6. The transformed colonies allow for the identification of bacteria that has taken up the plasmid, so any transformation whether lawn or subtle will show which bacteria successfully had taken up the plasmid.
7. There was no apparent phenotype due to the lack of color present in the transformed colonies. The pGreen was not present.

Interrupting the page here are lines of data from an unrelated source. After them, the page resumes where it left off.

(* Let $G\in\mathbb{R}^{n\times n}$ be symmetric positive semidefinite. Let $S$ be a random matrix with a finite discrete distribution, $S=S_i\in\mathbb{R}^{n\times q_i}$ with probability $p_i>0$ for $i=1,\dots,r$, and let $\mathbb{S}\eqdef[S_1,\dots,S_r]\in\mathbb{R}^{n\times\sum_i q_i}$. If $$p_i=\frac{\mathrm{Tr}(S_i^\top G^2 S_i)}{\mathrm{Tr}(\mathbb{S}^\top G^2\mathbb{S})},\qquad i=1,\dots,r,$$ then $$\lambda_{\min}^+\Big(G\,\mathbb{E}\big[S(S^\top G^2 S)^\dagger S^\top\big]\,G\Big)\ \ge\ \frac{\lambda_{\min}^+(\mathbb{S}^\top G^2\mathbb{S})}{\mathrm{Tr}(\mathbb{S}^\top G^2\mathbb{S})}.$$
   Context: $M^\dagger$ is the Moore–Penrose pseudoinverse; $\lambda_{\min}^+(M)$ is the smallest nonzero eigenvalue of a symmetric positive semidefinite matrix $M$. *)

From HB Require Import structures.
From mathcomp Require Import all_boot all_order all_algebra.
From mathcomp Require Import all_classical all_reals.
Set Implicit Arguments. Unset Strict Implicit. Unset Printing Implicit Defensive.
Import Order.TTheory GRing.Theory Num.Theory.
Local Open Scope ring_scope.
Local Open Scope classical_set_scope.

Definition penrose (R : realType) (m k : nat) (A : 'M[R]_(m, k)) (X : 'M[R]_(k, m)) : Prop :=
  [/\ A *m X *m A = A, X *m A *m X = X, (A *m X)^T = A *m X & (X *m A)^T = X *m A].

Definition mp_pinv (R : realType) (m k : nat) (A : 'M[R]_(m, k)) : 'M[R]_(k, m) :=
  xget 0 [set X | penrose A X].

Definition psd (R : realType) (n : nat) (M : 'M[R]_n) : Prop :=
  M^T = M /\ forall v : 'rV[R]_n, 0 <= (v *m M *m v^T) 0 0.

(* smallest nonzero eigenvalue (for symmetric PSD matrices, the eigenvalues are real) *)
Definition lambda_min_pos (R : realType) (n : nat) (M : 'M[R]_n) : R :=
  inf [set a : R | eigenvalue M a /\ a != 0].

From HB Require Import structures.
From mathcomp Require Import all_boot all_order all_algebra.
From mathcomp Require Import all_classical all_reals.
From mathcomp Require Import complex spectral.
From mathcomp Require Import ring.
Import Order.TTheory GRing.Theory Num.Theory.
Local Open Scope ring_scope.
Set Implicit Arguments. Unset Strict Implicit. Unset Printing Implicit Defensive.

(* Put A_i = G S_i and A = G [S_1 ... S_r] = [A_1 ... A_r]; then G E[S (S^T G^2 S)^+ S^T] G is the
   mixture M = sum_i p_i P_i of the orthogonal projectors P_i = A_i (A_i^T A_i)^+ A_i^T
   onto the ranges of the A_i.  Cauchy-Schwarz gives |x A_i|^2 <= tr(A_i^T A_i) x P_i x^T,
   so the choice of p_i turns the sum over i into |x A|^2 <= tr(A^T A) x M x^T.  An
   eigenvector x of M for an eigenvalue a <> 0 lies in the range of A, x = w A^T, hence
   with B = A^T A we get |x|^2 = w B w^T and |x A|^2 = w B^2 w^T >= lambda_min^+(B) w B w^T
   by the spectral theorem; together, lambda_min^+(B) |x|^2 <= tr(B) a |x|^2. *)

Section SumsOfSquares.
Variable R : realDomainType.

Lemma mul_row_tr_sum_sqr k (v : 'rV[R]_k) : (v *m v^T) 0 0 = \sum_j v 0 j ^+ 2.
Proof. by rewrite !mxE; apply: eq_bigr => j _; rewrite !mxE expr2. Qed.

Lemma mul_row_tr_ge0 k (v : 'rV[R]_k) : 0 <= (v *m v^T) 0 0.
Proof. by rewrite mul_row_tr_sum_sqr; apply: sumr_ge0 => j _; apply: sqr_ge0. Qed.

Lemma mul_row_tr_eq0 k (v : 'rV[R]_k) : ((v *m v^T) 0 0 == 0) = (v == 0).
Proof.
apply/eqP/eqP => [|->]; last by rewrite mul0mx mxE.
rewrite mul_row_tr_sum_sqr => v2_eq0; apply/rowP => j; apply/eqP.
by rewrite mxE -sqrf_eq0 (psumr_eq0P _ v2_eq0) // => i _; apply: sqr_ge0.
Qed.

Lemma mul_row_tr_gt0 k (v : 'rV[R]_k) : (0 < (v *m v^T) 0 0) = (v != 0).
Proof. by rewrite lt_def mul_row_tr_ge0 mul_row_tr_eq0 andbT. Qed.

Lemma mul_mx_tr_eq0 m k (X : 'M[R]_(m, k)) : (X *m X^T == 0) = (X == 0).
Proof.
apply/eqP/eqP => [XXt0|->]; last by rewrite mul0mx.
apply/row_matrixP => i; rewrite row0; apply/eqP; rewrite -mul_row_tr_eq0.
have -> : (row i X *m (row i X)^T) 0 0 = (X *m X^T) i i.
  by rewrite !mxE; apply: eq_bigr => j _; rewrite !mxE.
by rewrite XXt0 mxE.
Qed.

Lemma trace_gram_ge0 m k (A : 'M[R]_(m, k)) : 0 <= \tr (A^T *m A).
Proof.
apply: sumr_ge0 => j _; rewrite mxE; apply: sumr_ge0 => i _.
by rewrite mxE -expr2 sqr_ge0.
Qed.

Lemma CauchySchwarz_sum k (a b : 'I_k -> R) :
  (\sum_j a j * b j) ^+ 2 <= (\sum_j a j ^+ 2) * (\sum_j b j ^+ 2).
Proof.
set s := \sum_j b j ^+ 2; set c := \sum_j a j * b j; set t := \sum_j a j ^+ 2.
have s_ge0 : 0 <= s by apply: sumr_ge0 => j _; apply: sqr_ge0.
have [s_eq0|s_neq0] := eqVneq s 0.
  have b0 j : b j = 0.
    by apply/eqP; rewrite -sqrf_eq0 (psumr_eq0P _ s_eq0) // => i _; apply: sqr_ge0.
  rewrite s_eq0 /c big1 ?expr0n ?mulr0 // => j _.
  by rewrite b0 mulr0.
have : 0 <= \sum_j (s * a j - c * b j) ^+ 2 by apply: sumr_ge0 => j _; apply: sqr_ge0.
have -> : \sum_j (s * a j - c * b j) ^+ 2 = s * (s * t - c ^+ 2).
  rewrite (eq_bigr (fun j =>
    s ^+ 2 * a j ^+ 2 + c ^+ 2 * b j ^+ 2 - 2 * s * c * (a j * b j))); last by move=> j _; ring.
  by rewrite sumrB big_split /= -!mulr_sumr -/s -/c -/t; ring.
by rewrite pmulr_rge0 ?lt_def ?s_neq0 // subr_ge0 mulrC.
Qed.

8. The first plate to inspect to conclude that the transformation occurred successfully would be the LB/Amp+Plasmid because the marker that shows the selection will only grow in a plasmid treated with ampicillin. Also, the LB/Amp+Plasmid is the easiest to observe due to the fact that it only has two colonies.
9.
a. Total mass: 10 x 0.005 = 0.05 ug
b. Cell suspension volume: 250 calcium cholride + 250 LB + 10 green capped liquid =
0.510 uL
c. Fraction spread: 10 (Suspension Spread)/510 (Total Suspension) = 0.0196
d. Mass of Plasmid Spread: 0.05 (Total Mass) x 10/510 (Fraction
Spread) = 0.00098
e. Transformation efficiency: 2 (colonies)/ 0.00098 (Mass Plasmid Spread) = 2040.81633 or
204081633000 x 10^-8
10. The transformation efficiency could have been influenced by the colony size that was added to the liquid solution. A greater amount of cell receptors comes with a greater colony size, so there would be better efficiency. A lesser colony would have lesser cell receptors, so there would not be as great of efficiency. Another factor that may have influenced the transformation efficiency is the amount of time the plasmids were in the hot or cold water. If the plasmids were in the hot water longer, then the growth of the colonies would be more efficient. If the plasmids were in the cold water longer, the growth could be stunned and the colonies would not be as efficient in transformation. In the experiment, the plasmids that were in the hot water were heated longer because the bath was not at the desired temperature, thus affecting the heat shock of the plasmids. The time the plasmids were outside of the water was also erroneous because the timing was not accurate.